*Given data:*
>>>
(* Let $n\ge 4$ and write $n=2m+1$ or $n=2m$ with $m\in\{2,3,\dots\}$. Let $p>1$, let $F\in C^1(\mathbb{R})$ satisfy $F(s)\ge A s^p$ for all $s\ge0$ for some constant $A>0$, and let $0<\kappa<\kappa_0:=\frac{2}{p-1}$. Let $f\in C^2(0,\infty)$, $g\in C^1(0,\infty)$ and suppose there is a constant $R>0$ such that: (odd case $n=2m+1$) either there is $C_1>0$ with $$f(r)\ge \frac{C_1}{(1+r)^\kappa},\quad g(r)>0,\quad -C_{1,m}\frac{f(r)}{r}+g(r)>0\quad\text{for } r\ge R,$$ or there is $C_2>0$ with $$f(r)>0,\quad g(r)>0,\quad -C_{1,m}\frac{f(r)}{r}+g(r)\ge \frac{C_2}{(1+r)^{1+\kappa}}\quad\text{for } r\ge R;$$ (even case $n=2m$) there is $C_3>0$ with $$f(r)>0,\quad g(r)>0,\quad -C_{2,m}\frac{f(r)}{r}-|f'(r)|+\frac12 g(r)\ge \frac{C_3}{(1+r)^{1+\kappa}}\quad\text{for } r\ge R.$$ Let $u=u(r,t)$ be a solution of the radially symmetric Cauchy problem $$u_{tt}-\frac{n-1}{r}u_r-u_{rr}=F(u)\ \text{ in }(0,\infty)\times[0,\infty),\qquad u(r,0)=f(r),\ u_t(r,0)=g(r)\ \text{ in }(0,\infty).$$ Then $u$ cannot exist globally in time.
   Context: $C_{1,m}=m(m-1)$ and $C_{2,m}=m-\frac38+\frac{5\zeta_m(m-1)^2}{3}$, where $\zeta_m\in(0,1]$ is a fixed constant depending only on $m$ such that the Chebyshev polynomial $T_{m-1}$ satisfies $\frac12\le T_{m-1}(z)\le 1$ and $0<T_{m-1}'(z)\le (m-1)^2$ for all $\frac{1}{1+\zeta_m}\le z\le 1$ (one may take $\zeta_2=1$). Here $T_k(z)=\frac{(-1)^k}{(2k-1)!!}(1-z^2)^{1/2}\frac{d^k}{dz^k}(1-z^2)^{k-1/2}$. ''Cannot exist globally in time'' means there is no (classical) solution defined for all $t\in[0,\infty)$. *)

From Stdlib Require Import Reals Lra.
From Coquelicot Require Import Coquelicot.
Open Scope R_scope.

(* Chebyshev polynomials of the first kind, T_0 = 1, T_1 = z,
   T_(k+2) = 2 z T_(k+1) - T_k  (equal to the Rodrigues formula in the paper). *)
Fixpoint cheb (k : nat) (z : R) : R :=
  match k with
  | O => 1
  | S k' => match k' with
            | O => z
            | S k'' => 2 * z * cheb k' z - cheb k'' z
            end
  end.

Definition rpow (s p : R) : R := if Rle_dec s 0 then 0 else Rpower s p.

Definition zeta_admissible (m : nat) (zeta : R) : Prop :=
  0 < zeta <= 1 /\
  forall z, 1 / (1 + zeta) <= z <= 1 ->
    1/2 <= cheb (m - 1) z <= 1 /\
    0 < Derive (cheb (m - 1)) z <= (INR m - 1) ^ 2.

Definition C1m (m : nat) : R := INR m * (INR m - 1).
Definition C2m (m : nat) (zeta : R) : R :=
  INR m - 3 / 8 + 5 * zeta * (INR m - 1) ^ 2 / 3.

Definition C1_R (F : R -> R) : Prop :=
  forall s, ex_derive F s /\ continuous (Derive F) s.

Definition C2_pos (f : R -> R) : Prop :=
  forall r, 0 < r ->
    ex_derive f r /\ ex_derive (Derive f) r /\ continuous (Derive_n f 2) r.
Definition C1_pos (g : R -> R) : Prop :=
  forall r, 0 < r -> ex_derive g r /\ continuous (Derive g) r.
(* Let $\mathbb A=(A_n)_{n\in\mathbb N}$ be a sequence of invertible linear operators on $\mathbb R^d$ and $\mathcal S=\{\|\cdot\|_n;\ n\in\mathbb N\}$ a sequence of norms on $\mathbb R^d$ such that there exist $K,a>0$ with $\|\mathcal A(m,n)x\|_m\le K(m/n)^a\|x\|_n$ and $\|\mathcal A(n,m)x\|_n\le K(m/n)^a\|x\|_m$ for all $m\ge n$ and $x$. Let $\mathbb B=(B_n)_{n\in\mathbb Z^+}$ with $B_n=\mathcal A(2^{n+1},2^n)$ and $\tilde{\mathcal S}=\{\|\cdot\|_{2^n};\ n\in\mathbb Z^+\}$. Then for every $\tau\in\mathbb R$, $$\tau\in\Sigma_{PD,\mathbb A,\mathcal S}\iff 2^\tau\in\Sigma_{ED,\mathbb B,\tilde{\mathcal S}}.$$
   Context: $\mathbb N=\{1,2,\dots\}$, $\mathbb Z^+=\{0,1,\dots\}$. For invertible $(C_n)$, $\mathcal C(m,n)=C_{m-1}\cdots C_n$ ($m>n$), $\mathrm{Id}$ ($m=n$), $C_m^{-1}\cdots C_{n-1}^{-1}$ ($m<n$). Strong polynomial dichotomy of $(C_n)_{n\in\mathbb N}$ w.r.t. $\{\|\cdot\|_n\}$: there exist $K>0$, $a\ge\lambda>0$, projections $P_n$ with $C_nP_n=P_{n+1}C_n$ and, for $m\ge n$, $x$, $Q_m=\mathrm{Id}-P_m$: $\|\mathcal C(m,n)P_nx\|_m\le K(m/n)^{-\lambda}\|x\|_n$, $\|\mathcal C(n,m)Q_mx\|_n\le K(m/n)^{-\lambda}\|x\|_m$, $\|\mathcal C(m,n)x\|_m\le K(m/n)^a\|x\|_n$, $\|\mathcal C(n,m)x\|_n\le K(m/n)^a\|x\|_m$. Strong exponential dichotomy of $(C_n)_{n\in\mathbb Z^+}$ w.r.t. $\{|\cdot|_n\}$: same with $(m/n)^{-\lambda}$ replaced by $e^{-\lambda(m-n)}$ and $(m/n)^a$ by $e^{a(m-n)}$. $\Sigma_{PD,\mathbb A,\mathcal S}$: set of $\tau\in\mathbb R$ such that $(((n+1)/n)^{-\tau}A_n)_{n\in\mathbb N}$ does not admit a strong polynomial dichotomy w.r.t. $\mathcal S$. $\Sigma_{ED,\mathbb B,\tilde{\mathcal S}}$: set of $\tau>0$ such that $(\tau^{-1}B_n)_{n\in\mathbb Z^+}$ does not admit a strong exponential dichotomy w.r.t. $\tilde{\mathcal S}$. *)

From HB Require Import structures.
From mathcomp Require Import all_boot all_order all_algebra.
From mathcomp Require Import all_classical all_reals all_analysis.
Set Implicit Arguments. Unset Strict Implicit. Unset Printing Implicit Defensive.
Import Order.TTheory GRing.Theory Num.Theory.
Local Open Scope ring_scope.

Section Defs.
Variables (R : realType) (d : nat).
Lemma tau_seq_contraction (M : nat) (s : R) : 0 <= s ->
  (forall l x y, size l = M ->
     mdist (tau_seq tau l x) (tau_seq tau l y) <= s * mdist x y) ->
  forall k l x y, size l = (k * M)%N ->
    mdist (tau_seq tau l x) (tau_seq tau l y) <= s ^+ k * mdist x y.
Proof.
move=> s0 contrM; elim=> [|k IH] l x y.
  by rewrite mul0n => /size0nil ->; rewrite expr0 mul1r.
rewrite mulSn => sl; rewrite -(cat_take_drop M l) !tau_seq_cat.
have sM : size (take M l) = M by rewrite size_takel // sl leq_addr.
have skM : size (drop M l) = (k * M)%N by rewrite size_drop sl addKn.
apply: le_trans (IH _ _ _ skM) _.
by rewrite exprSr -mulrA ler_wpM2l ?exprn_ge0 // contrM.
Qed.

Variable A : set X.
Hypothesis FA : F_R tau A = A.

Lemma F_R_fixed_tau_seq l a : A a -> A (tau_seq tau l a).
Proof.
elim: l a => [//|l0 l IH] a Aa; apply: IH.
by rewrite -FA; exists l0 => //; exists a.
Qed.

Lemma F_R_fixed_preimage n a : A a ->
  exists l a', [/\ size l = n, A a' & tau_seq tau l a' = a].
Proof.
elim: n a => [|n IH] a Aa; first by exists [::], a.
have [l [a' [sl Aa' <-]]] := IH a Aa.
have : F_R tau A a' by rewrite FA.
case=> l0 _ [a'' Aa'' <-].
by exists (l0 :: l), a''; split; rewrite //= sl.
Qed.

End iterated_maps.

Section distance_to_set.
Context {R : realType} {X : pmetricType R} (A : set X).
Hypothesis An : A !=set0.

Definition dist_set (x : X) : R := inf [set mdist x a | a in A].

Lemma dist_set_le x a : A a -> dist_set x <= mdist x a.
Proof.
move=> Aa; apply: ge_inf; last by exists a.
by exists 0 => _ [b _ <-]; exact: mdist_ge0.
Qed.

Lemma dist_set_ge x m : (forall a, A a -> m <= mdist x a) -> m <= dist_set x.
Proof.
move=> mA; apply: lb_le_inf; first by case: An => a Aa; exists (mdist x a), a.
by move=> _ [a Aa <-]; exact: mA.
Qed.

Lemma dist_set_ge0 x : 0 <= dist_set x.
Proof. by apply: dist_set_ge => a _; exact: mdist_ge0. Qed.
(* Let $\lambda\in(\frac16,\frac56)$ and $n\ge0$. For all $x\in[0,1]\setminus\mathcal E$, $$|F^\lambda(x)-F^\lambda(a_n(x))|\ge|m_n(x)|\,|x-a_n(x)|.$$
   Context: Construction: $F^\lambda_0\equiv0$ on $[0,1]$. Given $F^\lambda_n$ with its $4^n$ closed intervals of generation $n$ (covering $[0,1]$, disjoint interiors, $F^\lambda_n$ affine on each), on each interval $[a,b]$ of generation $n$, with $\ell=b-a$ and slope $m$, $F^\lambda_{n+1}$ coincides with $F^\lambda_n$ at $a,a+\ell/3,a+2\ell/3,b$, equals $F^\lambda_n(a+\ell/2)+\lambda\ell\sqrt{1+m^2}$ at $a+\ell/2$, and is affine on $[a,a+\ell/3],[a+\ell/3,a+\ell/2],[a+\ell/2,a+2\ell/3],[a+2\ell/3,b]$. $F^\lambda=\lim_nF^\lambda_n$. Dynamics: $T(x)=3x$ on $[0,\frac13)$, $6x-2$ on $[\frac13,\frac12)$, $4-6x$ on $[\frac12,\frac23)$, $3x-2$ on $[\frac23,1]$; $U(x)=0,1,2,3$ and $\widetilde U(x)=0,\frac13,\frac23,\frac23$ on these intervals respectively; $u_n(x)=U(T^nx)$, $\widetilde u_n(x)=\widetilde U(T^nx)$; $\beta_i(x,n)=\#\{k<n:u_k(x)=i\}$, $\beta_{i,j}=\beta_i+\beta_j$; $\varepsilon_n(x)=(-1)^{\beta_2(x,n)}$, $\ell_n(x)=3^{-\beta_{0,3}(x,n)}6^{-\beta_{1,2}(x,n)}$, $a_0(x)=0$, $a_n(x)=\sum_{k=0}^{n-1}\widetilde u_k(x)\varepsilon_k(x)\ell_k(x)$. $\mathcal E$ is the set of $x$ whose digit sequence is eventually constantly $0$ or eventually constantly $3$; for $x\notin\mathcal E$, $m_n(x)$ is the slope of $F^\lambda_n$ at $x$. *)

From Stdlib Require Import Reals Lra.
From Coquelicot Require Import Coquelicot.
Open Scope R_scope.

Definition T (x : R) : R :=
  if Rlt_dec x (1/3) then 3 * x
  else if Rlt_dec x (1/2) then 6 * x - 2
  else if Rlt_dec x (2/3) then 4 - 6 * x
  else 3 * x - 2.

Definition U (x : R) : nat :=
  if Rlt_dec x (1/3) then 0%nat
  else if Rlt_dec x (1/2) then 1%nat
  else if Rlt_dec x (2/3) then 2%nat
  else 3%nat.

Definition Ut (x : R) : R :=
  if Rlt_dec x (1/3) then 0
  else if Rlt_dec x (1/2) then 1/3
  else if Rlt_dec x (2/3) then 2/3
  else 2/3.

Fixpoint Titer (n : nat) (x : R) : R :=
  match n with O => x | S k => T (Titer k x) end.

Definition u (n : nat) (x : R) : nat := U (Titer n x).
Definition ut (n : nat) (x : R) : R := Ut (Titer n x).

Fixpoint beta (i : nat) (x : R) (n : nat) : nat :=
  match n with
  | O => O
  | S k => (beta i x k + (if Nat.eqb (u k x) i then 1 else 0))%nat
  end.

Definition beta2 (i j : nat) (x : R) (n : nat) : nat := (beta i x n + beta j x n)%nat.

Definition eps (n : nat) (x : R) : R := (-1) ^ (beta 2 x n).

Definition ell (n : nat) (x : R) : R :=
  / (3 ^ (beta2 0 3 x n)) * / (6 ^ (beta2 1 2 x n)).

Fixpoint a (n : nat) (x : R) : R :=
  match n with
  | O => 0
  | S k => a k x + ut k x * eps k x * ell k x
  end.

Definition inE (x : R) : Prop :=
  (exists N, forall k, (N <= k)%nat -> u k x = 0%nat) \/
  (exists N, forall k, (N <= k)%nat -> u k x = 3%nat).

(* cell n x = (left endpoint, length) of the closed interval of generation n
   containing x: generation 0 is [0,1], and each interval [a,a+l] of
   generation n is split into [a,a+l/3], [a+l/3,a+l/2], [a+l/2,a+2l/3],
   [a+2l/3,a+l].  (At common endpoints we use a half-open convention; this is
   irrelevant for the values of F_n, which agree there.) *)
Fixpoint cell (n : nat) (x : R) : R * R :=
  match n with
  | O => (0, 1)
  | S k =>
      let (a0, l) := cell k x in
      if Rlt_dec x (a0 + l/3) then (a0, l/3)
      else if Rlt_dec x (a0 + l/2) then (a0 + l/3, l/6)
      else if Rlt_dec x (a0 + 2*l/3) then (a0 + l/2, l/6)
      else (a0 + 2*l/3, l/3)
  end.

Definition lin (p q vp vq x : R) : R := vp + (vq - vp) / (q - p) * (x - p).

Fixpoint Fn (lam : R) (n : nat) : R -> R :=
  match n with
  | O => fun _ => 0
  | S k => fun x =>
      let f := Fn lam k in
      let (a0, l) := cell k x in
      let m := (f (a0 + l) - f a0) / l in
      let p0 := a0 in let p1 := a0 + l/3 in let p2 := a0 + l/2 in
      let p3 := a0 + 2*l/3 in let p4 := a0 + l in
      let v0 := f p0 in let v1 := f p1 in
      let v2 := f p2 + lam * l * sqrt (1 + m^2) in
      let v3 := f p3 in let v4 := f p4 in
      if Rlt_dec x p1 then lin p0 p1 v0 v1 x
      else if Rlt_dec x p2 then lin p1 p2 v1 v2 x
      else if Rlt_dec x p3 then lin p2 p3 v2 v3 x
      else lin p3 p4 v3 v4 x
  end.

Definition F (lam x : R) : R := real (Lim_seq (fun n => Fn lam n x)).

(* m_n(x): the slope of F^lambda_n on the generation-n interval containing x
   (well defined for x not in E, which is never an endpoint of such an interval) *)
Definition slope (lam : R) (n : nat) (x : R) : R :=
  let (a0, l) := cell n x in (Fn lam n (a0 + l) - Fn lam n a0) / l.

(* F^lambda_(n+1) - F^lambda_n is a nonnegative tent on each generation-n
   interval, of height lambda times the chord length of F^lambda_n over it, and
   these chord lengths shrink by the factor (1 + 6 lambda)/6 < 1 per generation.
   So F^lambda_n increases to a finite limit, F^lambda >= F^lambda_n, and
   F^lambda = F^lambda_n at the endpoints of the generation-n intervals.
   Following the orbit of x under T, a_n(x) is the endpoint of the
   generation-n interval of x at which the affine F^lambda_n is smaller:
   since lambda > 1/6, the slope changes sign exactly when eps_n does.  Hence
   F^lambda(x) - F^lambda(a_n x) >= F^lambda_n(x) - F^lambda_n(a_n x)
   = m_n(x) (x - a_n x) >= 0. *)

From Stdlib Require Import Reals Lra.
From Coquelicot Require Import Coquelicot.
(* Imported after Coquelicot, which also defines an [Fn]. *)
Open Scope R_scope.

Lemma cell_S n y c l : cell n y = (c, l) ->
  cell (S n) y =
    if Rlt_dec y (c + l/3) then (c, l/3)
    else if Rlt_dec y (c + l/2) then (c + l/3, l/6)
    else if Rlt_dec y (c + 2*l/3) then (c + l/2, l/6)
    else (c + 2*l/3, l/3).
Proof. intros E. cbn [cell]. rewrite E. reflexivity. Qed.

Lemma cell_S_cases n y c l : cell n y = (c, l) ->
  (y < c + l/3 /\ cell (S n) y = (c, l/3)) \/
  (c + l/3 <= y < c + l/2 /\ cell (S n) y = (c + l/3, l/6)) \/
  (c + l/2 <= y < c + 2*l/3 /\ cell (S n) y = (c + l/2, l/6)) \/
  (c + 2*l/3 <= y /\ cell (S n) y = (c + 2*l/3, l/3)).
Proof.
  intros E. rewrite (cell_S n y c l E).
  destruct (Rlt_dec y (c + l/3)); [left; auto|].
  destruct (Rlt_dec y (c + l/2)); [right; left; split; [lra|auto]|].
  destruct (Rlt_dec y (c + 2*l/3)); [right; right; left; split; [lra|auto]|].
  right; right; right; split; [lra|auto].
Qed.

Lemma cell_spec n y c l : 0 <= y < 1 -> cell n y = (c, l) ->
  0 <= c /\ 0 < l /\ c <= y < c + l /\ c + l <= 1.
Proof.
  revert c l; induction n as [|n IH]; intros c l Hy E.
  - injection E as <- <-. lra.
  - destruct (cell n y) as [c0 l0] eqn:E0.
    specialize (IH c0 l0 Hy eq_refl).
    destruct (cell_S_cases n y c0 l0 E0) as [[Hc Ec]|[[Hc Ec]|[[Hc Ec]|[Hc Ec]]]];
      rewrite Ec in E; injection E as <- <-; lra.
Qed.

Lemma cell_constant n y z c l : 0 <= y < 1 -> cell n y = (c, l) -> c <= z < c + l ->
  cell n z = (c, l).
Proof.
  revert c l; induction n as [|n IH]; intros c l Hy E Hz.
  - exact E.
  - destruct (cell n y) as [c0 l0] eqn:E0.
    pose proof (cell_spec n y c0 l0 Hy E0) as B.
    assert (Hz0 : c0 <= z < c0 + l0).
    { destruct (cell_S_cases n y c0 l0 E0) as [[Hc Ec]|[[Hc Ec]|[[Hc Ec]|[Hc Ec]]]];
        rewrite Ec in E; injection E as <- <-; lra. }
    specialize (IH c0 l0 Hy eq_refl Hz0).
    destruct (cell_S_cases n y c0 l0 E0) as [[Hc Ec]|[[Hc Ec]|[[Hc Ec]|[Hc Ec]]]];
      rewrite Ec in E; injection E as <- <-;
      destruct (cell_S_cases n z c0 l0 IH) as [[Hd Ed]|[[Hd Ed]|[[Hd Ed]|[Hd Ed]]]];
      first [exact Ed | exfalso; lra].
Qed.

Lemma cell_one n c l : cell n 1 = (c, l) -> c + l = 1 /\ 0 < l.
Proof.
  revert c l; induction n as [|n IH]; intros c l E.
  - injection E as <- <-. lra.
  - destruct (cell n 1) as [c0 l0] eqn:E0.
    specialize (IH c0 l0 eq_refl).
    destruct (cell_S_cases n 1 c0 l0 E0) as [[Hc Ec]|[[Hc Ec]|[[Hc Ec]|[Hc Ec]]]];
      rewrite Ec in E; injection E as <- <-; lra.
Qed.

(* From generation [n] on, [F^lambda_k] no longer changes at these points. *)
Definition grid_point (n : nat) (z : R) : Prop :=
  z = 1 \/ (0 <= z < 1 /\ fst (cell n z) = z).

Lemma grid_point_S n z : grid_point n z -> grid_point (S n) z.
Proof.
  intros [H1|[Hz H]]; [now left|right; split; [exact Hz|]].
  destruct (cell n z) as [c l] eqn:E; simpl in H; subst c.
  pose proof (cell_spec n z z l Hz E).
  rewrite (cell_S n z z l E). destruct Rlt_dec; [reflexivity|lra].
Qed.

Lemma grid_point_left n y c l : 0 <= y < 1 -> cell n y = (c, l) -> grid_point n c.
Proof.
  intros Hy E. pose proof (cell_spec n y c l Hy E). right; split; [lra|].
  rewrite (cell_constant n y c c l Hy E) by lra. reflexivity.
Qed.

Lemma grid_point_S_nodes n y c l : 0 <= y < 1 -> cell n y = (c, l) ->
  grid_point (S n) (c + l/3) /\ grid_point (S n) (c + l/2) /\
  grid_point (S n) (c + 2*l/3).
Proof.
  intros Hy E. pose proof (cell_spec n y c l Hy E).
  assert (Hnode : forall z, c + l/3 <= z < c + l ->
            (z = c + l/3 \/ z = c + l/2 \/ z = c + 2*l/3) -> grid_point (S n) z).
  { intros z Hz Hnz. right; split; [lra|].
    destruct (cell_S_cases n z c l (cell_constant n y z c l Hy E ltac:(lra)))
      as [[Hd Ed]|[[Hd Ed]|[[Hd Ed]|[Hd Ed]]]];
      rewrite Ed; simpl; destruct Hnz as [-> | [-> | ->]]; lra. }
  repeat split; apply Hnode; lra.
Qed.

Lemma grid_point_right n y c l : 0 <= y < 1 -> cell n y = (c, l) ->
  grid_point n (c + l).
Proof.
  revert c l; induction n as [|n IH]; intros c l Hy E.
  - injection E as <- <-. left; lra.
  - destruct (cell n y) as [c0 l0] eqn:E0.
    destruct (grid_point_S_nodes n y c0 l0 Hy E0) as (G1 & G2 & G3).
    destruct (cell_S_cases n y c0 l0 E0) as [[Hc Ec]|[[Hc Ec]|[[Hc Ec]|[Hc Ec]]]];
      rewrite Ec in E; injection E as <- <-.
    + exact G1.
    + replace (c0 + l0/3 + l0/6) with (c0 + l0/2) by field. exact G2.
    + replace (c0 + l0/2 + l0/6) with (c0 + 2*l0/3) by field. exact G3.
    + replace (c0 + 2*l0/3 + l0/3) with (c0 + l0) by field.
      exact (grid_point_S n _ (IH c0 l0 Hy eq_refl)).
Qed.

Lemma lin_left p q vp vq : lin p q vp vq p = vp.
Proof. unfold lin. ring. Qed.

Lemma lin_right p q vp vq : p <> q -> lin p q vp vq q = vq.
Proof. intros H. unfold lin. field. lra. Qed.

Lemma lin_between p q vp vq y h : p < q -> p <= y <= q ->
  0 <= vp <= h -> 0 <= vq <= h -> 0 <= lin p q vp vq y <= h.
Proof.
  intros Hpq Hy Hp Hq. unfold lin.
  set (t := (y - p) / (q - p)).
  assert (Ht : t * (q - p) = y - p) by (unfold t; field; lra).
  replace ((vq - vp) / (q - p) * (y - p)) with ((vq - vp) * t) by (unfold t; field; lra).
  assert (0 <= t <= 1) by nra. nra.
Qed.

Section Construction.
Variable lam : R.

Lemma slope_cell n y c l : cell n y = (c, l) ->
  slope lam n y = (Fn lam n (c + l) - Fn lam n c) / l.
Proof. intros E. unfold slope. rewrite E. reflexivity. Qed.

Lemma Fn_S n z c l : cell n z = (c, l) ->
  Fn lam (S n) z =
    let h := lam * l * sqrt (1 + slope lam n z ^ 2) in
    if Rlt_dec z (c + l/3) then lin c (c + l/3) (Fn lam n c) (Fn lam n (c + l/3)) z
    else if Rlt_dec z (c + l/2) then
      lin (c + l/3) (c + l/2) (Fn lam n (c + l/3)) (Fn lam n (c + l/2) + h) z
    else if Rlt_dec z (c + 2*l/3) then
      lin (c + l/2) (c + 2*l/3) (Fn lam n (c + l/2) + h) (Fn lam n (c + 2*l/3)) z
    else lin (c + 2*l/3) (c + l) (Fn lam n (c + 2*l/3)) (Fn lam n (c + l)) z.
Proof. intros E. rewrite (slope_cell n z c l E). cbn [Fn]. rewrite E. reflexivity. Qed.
<<<
*Task goal:* Above are some lines. Repeat exactly, and only, those from the line that has "else if Rlt_dec x (1/2) then 6 * x - 2" through the line that has "Definition u (n".

*Output for this exercise:*
  else if Rlt_dec x (1/2) then 6 * x - 2
  else if Rlt_dec x (2/3) then 4 - 6 * x
  else 3 * x - 2.

Definition U (x : R) : nat :=
  if Rlt_dec x (1/3) then 0%nat
  else if Rlt_dec x (1/2) then 1%nat
  else if Rlt_dec x (2/3) then 2%nat
  else 3%nat.

Definition Ut (x : R) : R :=
  if Rlt_dec x (1/3) then 0
  else if Rlt_dec x (1/2) then 1/3
  else if Rlt_dec x (2/3) then 2/3
  else 2/3.

Fixpoint Titer (n : nat) (x : R) : R :=
  match n with O => x | S k => T (Titer k x) end.

Definition u (n : nat) (x : R) : nat := U (Titer n x).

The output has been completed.